In case anybody hasnt seen Batman: Dead End, here's a link.


I accidentally dropped a load of worthless change in the street. I was going to just leave it there but a burly policeman lumbered towards me and said, "You'd better pick that up, son."

I hate coppers.

[Image: smile-test.gif]"DEMOCRACY IS TWO WOLVES AND A LAMB VOTING ON WHAT TO HAVE FOR LUNCH.
LIBERTY IS A WELL-ARMED LAMB CONTESTING THE VOTE."
Jay #1   08-28-2007, 01:50 PM
#37
If they're going that way... they need to have the Dark Knight Returns remake of the graphic comic book novel story with that title to end it all
Auskar   08-28-2007, 03:52 PM
#38
bones weep tedium Wrote:All of the footage from that fake trailer that wasnt taken from Batman Begins was taken from a pretty good, low-budget fan film called Batman: Dead End (including the creepy Joker image).
Wow you're right. That wasn't The Joker from The Dark Knight at all, but from Batman: Dead End. So we still don't know what The Joker will look like.

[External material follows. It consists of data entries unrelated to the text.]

(* Let $\mathcal{G}$ be the real Lie algebra with basis $X_1,X_2,X_3$ and brackets $[X_1,X_2]=-X_2-X_3$, $[X_2,X_3]=0$, $[X_3,X_1]=X_2+X_3$ (Bianchi type $III$). Every real Manin triple $(\mathcal{D},\mathcal{G}',\tilde{\mathcal{G}}')$ with $\mathcal{G}'\cong\mathcal{G}$ is isomorphic to exactly one Manin triple $(\mathcal{D},\mathcal{G},\tilde{\mathcal{G}})$ in which $\tilde{\mathcal{G}}$, in the basis $\tilde X^1,\tilde X^2,\tilde X^3$ dual to $X_1,X_2,X_3$, has one of the following bracket structures: (a) (Bianchi $I$) all brackets zero; (b) (Bianchi $II$) $[\tilde X^1,\tilde X^2]=0$, $[\tilde X^2,\tilde X^3]=\tilde X^1$, $[\tilde X^3,\tilde X^1]=0$; (c) (Bianchi $III$) (i) $[\tilde X^1,\tilde X^2]=-b(\tilde X^2+\tilde X^3)$, $[\tilde X^2,\tilde X^3]=0$, $[\tilde X^3,\tilde X^1]=b(\tilde X^2+\tilde X^3)$, $b\in\mathbb{R}\setminus\{0\}$; (ii) $[\tilde X^1,\tilde X^2]=0$, $[\tilde X^2,\tilde X^3]=\tilde X^2+\tilde X^3$, $[\tilde X^3,\tilde X^1]=0$; (iii) $[\tilde X^1,\tilde X^2]=\tilde X^1$, $[\tilde X^2,\tilde X^3]=0$, $[\tilde X^3,\tilde X^1]=-\tilde X^1$.
   Context: A real Manin triple $(\mathcal{D},\mathcal{G},\tilde{\mathcal{G}})$ consists of a real Lie algebra $\mathcal{D}$ with a symmetric, ad-invariant, nondegenerate bilinear form $\langle\cdot,\cdot\rangle$, and two maximally isotropic Lie subalgebras $\mathcal{G},\tilde{\mathcal{G}}$ with $\mathcal{D}=\mathcal{G}\oplus\tilde{\mathcal{G}}$ as vector spaces; here $\dim\mathcal{D}=6$, $\dim\mathcal{G}=\dim\tilde{\mathcal{G}}=3$. Bases $X_i$ of $\mathcal{G}$ and $\tilde X^i$ of $\tilde{\mathcal{G}}$ are dual if $\langle X_i,X_j\rangle=0$, $\langle X_i,\tilde X^j\rangle=\delta_i^j$, $\langle\tilde X^i,\tilde X^j\rangle=0$. If $[X_i,X_j]=f_{ij}{}^kX_k$ and $[\tilde X^i,\tilde X^j]=\tilde f^{ij}{}_k\tilde X^k$, ad-invariance forces $[X_i,\tilde X^j]=f_{ki}{}^j\tilde X^k+\tilde f^{jk}{}_iX_k$, so the triple is determined by the brackets of $\mathcal{G}$ and $\tilde{\mathcal{G}}$ in dual bases. Two Manin triples are isomorphic if there is a Lie algebra isomorphism of the doubles preserving the bilinear forms and mapping first subalgebra to first subalgebra and second to second; equivalently, they are related by a change of basis $X_i'=X_kA^k{}_i$, $\tilde X'^j=(A^{-1})^j{}_k\tilde X^k$. Different values of the parameter $b$ give non-isomorphic triples. *)

From HB Require Import structures.
From mathcomp Require Import all_boot all_order all_algebra.
From mathcomp Require Import reals.
Set Implicit Arguments. Unset Strict Implicit. Unset Printing Implicit Defensive.
Import Order.TTheory GRing.Theory Num.Theory.
Local Open Scope ring_scope.

Section Defs.
Variable R : realType.

(* sc i j k = f_{ij}^k : [X_i, X_j] = sum_k f_{ij}^k X_k  (indices 0,1,2 = 1,2,3) *)
Definition sc := 'I_3 -> 'I_3 -> 'I_3 -> R.

(* basis of the double D = G (+) G~ : inl i = X_i, inr i = X~^i *)
Definition B := ('I_3 + 'I_3)%type.

(* Bracket structure constants of D determined by f (on G) and ft (on G~),
   ft i j k = ft^{ij}_k, with
   [X_i, X~^j] = f_{ki}^j X~^k + ft^{jk}_i X_k. *)
Definition double_sc (f ft : sc) (a b c : B) : R :=
  match a, b, c with
  | inl i, inl j, inl k => f i j k
  | inl _, inl _, inr _ => 0
  | inr i, inr j, inr k => ft i j k
  | inr _, inr _, inl _ => 0
  | inl i, inr j, inl k => ft j k i
  | inl i, inr j, inr k => f k i j
  | inr j, inl i, inl k => - ft j k i
  | inr j, inl i, inr k => - f k i j
  end.

Definition form (a b : B) : R :=
  match a, b with
  | inl i, inr j => (i == j)%:R
  | inr i, inl j => (i == j)%:R
  | _, _ => 0
  end.

Definition is_lie {T : finType} (F : T -> T -> T -> R) : Prop :=
  (forall a c, F a a c = 0) /\
  (forall a b c m,
     \sum_(l : T) (F a b l * F l c m + F b c l * F l a m + F c a l * F l b m) = 0).

Definition ad_invariant {T : finType} (F : T -> T -> T -> R) (g : T -> T -> R) : Prop :=
  forall a b c, \sum_(l : T) (F a b l * g l c + F a c l * g b l) = 0.

(* (D, G, G~) with dual bases X_i, X~^i and brackets f, ft is a Manin triple.
   (Nondegeneracy of the form, maximal isotropy of G, G~ and D = G (+) G~ hold
   by construction; G, G~ are subalgebras by construction of the bracket.) *)
Definition manin_triple (f ft : sc) : Prop :=
  is_lie (double_sc f ft) /\ ad_invariant (double_sc f ft) form.

(* change of basis X'_i = X_k A^k_i : new structure constants *)
Definition transf (A : 'M[R]_3) (f : sc) : sc := fun i j n =>
  \sum_(k < 3) \sum_(l < 3) \sum_(m < 3) A k i * A l j * f k l m * invmx A n m.

(* dual change of basis X~'^j = (A^-1)^j_k X~^k *)
Definition transft (A : 'M[R]_3) (ft : sc) : sc := fun i j n =>
  \sum_(k < 3) \sum_(l < 3) \sum_(m < 3)
     invmx A i k * invmx A j l * ft k l m * A m n.

Definition lie_isomorphic (f1 f2 : sc) : Prop :=
  exists A : 'M[R]_3, A \in unitmx /\ forall i j n, f2 i j n = transf A f1 i j n.

Definition manin_isomorphic (f1 ft1 f2 ft2 : sc) : Prop :=
  exists A : 'M[R]_3, A \in unitmx /\
    (forall i j n, f2 i j n = transf A f1 i j n) /\
    (forall i j n, ft2 i j n = transft A ft1 i j n).

Definition vec3 (a b c : R) (k : 'I_3) : R :=
  match nat_of_ord k with O => a | S O => b | _ => c end.

Definition sc_of (c12 c23 c31 : 'I_3 -> R) : sc := fun i j k =>
  match nat_of_ord i, nat_of_ord j with
  | O, S O => c12 k
  | S O, O => - c12 k
  | S O, S (S O) => c23 k
  | S (S O), S O => - c23 k
  | S (S O), O => c31 k
  | O, S (S O) => - c31 k
  | _, _ => 0
  end.

Definition zero3 : 'I_3 -> R := vec3 0 0 0.

Definition bianchiIII : sc :=
  sc_of (vec3 0 (-1) (-1)) zero3 (vec3 0 1 1).

Inductive dual_case :=
  | CaseI
  | CaseII
  | CaseIIIi of R
  | CaseIIIii
  | CaseIIIiii.

Definition dual_case_ok (t : dual_case) : Prop :=
  match t with CaseIIIi b => b <> 0 | _ => True end.

Definition dual_sc (t : dual_case) : sc :=
  match t with
  | CaseI => sc_of zero3 zero3 zero3
  | CaseII => sc_of zero3 (vec3 1 0 0) zero3
  | CaseIIIi b => sc_of (vec3 0 (- b) (- b)) zero3 (vec3 0 b b)
  | CaseIIIii => sc_of zero3 (vec3 0 1 1) zero3
  | CaseIIIiii => sc_of (vec3 1 0 0) zero3 (vec3 (-1) 0 0)
  end.

End Defs.

(* In the bases X_i and X~^i, ad-invariance of the form says exactly that
   both structure tensors are skew, and a change of basis A of G acts on the
   double by the block-diagonal matrix diag(A, A^-T), which preserves the Jacobi
   identity.  Once G is normalised to Bianchi III, the mixed Jacobi identities
   force the dual brackets into a four-parameter family (al, a, be, c) with
   c al = a be.  An automorphism of Bianchi III, with parameters x, y, p, q,
   fixes a and maps
     al |-> (p+q) al - (x+y) a,   c |-> c' := (x-y) a + (p-q) c,
     be |-> (p+q) ((x-y) al + (p-q) be) - (x+y) c'.
   A case split on which of a, al, c, be vanish yields a normal form
   (existence).  The same formulas show that a, and the vanishing of al, c and
   be, are invariants, and these tell the five normal forms apart
   (uniqueness). *)

From Pilot Require Import Defs.
From mathcomp Require Import all_boot all_order all_algebra.
From mathcomp Require Import reals.
From mathcomp Require boolp.
From mathcomp Require Import ring lra.
Set Implicit Arguments. Unset Strict Implicit. Unset Printing Implicit Defensive.
Import GRing.Theory Num.Theory.
Local Open Scope ring_scope.

Section SumLemmas.
Variable R : pzSemiRingType.

Lemma sum_mul_delta (I : finType) (F : I -> R) a : \sum_b F b * (b == a)%:R = F a.
Proof.
rewrite (bigD1 a) //= eqxx mulr1 big1 ?addr0 // => b /negbTE ->.
by rewrite mulr0.
Qed.

Lemma sum_delta_mul (I : finType) (F : I -> R) a : \sum_b (b == a)%:R * F b = F a.
Proof.
rewrite (bigD1 a) //= eqxx mul1r big1 ?addr0 // => b /negbTE ->.
by rewrite mul0r.
Qed.

Lemma sum3_mulr (I : finType) (X : I -> I -> I -> R) (c : I -> R) :
  \sum_k \sum_l \sum_m X k l m * c m = \sum_m (\sum_k \sum_l X k l m) * c m.
Proof.
under eq_bigr do rewrite exchange_big; rewrite exchange_big /=.
by apply: eq_bigr => m _; rewrite mulr_suml; apply: eq_bigr => k _; rewrite mulr_suml.
Qed.

Lemma sum3_rot (I : finType) (G : I -> I -> I -> R) :
  \sum_x \sum_y \sum_v G x y v = \sum_v \sum_x \sum_y G x y v.
Proof. by under eq_bigr do rewrite exchange_big; rewrite exchange_big. Qed.

Lemma sum_mul2 (I : finType) (X Y : I -> R) (z : R) :
  (\sum_a X a) * (\sum_b Y b) * z = \sum_a \sum_b X a * Y b * z.
Proof. by rewrite big_distrlr mulr_suml; apply: eq_bigr => a _; rewrite mulr_suml. Qed.

Lemma sum2_mul_sum2 (I : finType) (X Y : I -> I -> R) :
  (\sum_x \sum_y X x y) * (\sum_v \sum_w Y v w) =
  \sum_x \sum_y \sum_v \sum_w X x y * Y v w.
Proof.
rewrite mulr_suml; apply: eq_bigr => x _; rewrite mulr_suml; apply: eq_bigr => y _.
by rewrite mulr_sumr; apply: eq_bigr => v _; rewrite mulr_sumr.
Qed.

That was a well done fake trailer. I bet it got lots of visitors.
bones weep tedium   08-31-2007, 12:14 PM
#39
Jay #1 Wrote:If they're going that way... they need to have the Dark Knight Returns remake of the graphic comic book novel story with that title to end it all

.....pardon? :confused:


I accidentally dropped a load of worthless change in the street. I was going to just leave it there but a burly policeman lumbered towards me and said, "You'd better pick that up, son."

I hate coppers.

[Image: smile-test.gif]"DEMOCRACY IS TWO WOLVES AND A LAMB VOTING ON WHAT TO HAVE FOR LUNCH.
LIBERTY IS A WELL-ARMED LAMB CONTESTING THE VOTE."
bones weep tedium   09-21-2007, 05:47 AM
#40
[Image: gallery_9_116_42168.jpg]

Here's a photo slideshow of pics of the The Dark Knight. Most of em look real, too.

link to slideshow


I accidentally dropped a load of worthless change in the street. I was going to just leave it there but a burly policeman lumbered towards me and said, "You'd better pick that up, son."

I hate coppers.

[Image: smile-test.gif]"DEMOCRACY IS TWO WOLVES AND A LAMB VOTING ON WHAT TO HAVE FOR LUNCH.
LIBERTY IS A WELL-ARMED LAMB CONTESTING THE VOTE."